Your output should be the line with "have crossing h" followed by every remaining line of the entries, reproduced exactly.

..........

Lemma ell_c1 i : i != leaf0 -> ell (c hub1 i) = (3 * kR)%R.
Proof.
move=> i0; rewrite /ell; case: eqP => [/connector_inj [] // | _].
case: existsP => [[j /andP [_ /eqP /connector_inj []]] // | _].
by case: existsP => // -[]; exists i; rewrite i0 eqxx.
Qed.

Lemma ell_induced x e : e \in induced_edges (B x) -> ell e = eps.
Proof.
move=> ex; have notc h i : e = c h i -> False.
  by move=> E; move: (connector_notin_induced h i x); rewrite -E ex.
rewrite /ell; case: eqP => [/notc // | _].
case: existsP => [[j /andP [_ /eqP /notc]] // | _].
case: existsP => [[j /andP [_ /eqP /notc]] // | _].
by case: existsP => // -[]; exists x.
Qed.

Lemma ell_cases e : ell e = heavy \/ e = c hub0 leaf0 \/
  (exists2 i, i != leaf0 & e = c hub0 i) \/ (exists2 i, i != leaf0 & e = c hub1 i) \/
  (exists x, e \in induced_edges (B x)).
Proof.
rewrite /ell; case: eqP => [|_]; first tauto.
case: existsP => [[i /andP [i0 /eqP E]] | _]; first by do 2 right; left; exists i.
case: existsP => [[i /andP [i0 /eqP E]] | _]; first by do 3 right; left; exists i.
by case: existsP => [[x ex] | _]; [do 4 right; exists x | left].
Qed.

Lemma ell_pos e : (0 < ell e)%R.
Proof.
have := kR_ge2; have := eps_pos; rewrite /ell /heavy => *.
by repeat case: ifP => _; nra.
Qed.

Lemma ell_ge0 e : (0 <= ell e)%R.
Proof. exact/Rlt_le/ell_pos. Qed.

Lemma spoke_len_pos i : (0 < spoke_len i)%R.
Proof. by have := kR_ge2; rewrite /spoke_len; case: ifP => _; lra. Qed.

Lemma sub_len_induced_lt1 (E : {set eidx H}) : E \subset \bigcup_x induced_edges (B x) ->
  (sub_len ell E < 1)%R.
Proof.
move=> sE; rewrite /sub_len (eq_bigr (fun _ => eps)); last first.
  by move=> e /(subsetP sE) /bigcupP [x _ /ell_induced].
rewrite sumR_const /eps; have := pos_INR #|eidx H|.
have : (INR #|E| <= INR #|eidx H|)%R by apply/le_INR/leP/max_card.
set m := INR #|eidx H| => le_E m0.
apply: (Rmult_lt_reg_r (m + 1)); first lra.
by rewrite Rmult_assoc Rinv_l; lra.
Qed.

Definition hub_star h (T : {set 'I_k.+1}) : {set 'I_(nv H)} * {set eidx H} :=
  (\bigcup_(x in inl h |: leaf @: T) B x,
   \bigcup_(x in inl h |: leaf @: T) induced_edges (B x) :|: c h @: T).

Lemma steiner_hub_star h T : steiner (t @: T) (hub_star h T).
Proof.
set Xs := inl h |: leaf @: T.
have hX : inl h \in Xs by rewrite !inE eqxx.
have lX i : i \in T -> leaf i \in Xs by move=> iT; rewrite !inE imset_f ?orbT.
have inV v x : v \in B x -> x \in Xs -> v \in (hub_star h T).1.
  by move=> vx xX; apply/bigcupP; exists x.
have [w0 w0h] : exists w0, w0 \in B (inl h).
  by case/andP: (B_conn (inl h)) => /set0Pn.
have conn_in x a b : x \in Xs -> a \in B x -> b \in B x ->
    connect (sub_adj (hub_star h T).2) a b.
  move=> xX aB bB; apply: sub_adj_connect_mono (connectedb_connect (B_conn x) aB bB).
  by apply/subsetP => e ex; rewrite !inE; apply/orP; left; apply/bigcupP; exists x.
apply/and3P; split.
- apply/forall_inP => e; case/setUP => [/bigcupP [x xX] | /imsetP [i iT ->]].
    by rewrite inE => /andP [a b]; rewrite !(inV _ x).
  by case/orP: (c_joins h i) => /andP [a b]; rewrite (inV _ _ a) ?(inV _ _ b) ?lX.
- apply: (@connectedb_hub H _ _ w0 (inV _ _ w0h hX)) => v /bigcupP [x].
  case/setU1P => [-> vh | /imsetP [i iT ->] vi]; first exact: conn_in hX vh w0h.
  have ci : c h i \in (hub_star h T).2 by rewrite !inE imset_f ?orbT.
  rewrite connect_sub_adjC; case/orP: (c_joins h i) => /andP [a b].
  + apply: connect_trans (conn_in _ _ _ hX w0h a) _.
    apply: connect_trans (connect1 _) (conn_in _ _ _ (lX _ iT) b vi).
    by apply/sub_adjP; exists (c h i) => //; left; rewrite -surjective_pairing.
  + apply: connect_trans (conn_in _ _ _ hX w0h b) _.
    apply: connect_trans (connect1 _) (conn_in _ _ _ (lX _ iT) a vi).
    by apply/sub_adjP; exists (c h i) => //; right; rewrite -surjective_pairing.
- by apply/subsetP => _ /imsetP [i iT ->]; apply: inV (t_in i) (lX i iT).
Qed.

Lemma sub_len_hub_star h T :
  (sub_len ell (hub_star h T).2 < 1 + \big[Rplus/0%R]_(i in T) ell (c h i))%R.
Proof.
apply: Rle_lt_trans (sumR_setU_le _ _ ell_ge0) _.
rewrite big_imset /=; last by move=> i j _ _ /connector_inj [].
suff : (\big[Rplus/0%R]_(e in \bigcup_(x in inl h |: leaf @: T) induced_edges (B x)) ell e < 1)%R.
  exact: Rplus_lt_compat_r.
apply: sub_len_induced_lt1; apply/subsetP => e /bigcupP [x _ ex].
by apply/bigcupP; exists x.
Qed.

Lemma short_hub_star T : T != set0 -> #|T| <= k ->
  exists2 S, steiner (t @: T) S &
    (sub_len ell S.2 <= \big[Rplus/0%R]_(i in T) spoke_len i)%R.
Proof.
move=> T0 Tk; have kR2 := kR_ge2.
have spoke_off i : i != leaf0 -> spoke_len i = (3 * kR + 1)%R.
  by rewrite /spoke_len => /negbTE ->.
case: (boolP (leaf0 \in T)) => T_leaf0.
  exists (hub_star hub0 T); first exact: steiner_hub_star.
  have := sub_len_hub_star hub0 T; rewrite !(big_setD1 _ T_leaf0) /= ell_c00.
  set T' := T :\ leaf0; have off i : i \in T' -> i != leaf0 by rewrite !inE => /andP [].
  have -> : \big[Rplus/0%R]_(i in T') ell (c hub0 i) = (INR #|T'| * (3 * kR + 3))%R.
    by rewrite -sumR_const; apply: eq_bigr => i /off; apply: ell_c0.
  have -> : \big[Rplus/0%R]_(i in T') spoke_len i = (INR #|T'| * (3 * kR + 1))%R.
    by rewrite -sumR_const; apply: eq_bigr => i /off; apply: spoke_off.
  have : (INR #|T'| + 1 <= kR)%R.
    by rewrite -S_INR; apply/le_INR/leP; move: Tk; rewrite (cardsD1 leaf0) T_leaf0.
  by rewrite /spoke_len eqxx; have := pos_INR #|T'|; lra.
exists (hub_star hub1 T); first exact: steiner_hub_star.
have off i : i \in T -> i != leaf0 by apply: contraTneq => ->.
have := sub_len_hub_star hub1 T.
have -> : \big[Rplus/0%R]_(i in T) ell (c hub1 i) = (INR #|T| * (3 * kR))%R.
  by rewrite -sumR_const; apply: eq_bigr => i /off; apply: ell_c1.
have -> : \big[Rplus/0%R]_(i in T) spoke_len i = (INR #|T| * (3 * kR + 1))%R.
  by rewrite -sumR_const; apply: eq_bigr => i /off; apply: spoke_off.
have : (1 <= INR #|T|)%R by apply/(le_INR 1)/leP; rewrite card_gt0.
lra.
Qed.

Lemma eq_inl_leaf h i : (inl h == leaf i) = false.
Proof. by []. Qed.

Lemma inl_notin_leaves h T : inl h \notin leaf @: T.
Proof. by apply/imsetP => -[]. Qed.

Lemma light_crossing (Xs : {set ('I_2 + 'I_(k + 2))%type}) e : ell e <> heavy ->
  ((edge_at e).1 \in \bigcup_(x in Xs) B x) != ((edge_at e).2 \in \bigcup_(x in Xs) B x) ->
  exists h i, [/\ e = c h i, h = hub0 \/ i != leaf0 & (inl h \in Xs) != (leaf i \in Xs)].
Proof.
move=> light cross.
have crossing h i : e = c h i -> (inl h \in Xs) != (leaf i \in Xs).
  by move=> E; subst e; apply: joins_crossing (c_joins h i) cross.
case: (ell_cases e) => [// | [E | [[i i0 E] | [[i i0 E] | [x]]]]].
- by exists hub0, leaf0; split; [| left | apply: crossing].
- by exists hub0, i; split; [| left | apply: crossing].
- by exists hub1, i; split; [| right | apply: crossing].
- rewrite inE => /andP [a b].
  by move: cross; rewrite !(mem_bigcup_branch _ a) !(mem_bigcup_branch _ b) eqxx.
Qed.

..........

## WRITTEN ANSWER
have crossing h i : e = c h i -> (inl h \in Xs) != (leaf i \in Xs).
  by move=> E; subst e; apply: joins_crossing (c_joins h i) cross.
case: (ell_cases e) => [// | [E | [[i i0 E] | [[i i0 E] | [x]]]]].
- by exists hub0, leaf0; split; [| left | apply: crossing].
- by exists hub0, i; split; [| left | apply: crossing].
- by exists hub1, i; split; [| right | apply: crossing].
- rewrite inE => /andP [a b].
  by move: cross; rewrite !(mem_bigcup_branch _ a) !(mem_bigcup_branch _ b) eqxx.
Qed.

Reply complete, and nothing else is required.